*** Begin section ***

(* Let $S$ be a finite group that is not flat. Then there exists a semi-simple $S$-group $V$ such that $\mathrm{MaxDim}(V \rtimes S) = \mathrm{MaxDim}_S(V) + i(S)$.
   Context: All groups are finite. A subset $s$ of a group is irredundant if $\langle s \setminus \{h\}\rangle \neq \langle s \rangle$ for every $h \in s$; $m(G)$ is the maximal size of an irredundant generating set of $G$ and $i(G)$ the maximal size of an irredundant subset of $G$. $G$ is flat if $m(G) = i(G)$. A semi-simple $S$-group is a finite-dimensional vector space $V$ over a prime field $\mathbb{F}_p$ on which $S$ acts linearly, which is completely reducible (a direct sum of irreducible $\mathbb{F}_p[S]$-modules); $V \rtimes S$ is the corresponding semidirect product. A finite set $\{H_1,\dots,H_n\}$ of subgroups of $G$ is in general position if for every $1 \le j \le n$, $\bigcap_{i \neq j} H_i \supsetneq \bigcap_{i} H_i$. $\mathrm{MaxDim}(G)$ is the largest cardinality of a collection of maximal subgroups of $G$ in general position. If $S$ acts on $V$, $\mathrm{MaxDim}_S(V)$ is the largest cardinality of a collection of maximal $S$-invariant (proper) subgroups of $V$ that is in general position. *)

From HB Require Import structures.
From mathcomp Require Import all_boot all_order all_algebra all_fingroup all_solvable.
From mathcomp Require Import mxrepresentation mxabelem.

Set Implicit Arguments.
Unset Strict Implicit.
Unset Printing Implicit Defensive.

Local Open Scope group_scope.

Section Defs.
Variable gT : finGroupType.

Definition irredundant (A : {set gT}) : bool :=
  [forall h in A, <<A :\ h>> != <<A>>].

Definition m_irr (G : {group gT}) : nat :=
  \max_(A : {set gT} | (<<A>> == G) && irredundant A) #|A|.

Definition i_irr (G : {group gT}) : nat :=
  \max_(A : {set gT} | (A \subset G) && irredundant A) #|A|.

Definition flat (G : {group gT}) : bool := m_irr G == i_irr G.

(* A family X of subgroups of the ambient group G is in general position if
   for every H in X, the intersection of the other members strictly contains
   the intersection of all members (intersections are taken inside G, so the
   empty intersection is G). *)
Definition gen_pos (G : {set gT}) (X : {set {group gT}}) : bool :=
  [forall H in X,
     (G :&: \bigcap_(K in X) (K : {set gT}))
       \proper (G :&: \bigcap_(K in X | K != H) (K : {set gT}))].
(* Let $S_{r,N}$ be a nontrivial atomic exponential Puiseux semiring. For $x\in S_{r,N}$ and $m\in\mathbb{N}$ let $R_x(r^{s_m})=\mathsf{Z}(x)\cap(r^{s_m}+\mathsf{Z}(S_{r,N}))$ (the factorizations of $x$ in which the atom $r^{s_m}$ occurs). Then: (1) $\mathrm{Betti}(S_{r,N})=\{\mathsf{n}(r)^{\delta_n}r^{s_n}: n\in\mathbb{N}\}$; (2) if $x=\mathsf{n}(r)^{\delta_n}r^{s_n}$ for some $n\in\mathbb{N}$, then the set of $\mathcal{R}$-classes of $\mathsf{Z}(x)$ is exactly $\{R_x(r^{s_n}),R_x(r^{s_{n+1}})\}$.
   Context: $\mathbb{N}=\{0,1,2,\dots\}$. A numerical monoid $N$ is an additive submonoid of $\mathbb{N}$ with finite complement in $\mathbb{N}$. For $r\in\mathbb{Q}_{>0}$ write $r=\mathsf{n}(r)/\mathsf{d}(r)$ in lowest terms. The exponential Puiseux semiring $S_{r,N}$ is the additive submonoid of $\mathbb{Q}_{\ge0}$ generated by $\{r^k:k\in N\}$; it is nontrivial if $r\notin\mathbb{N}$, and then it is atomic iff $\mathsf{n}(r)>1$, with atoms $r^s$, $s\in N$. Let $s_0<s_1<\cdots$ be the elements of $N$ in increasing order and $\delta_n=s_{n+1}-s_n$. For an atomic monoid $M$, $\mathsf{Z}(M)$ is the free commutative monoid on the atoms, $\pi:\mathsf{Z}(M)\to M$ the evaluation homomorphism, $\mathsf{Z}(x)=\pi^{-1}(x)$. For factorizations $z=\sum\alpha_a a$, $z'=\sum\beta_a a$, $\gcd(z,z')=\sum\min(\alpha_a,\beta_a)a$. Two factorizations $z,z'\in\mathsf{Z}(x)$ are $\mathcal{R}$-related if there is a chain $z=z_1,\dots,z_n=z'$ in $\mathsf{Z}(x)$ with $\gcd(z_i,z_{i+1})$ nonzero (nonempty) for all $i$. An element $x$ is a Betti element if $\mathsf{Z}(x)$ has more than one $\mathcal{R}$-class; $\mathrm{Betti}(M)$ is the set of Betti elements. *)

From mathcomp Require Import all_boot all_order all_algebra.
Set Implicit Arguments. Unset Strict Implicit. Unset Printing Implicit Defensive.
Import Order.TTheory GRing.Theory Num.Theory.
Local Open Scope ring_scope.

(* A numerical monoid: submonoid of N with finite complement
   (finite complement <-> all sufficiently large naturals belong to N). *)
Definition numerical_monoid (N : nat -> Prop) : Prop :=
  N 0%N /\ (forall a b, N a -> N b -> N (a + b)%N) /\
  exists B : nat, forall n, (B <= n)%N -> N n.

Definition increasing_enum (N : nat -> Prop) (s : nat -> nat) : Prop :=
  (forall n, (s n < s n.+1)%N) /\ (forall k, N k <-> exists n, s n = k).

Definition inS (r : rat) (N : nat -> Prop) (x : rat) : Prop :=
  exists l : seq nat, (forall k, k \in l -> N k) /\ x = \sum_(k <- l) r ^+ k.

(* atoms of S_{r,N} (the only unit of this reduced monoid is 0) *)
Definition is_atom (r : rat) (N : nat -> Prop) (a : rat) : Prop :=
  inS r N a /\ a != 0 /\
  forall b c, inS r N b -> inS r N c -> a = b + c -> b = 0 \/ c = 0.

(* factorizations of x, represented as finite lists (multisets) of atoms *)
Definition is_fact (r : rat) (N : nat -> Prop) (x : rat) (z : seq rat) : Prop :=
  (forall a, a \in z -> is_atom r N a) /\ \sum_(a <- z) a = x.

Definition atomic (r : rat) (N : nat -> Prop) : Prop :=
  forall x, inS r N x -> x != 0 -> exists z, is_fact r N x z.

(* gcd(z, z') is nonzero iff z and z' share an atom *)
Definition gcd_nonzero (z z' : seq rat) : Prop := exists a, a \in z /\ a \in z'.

*** End section ***

Which of the lines above hold the string "Local"? Pick each of them out.

Local Open Scope group_scope.
Local Open Scope ring_scope.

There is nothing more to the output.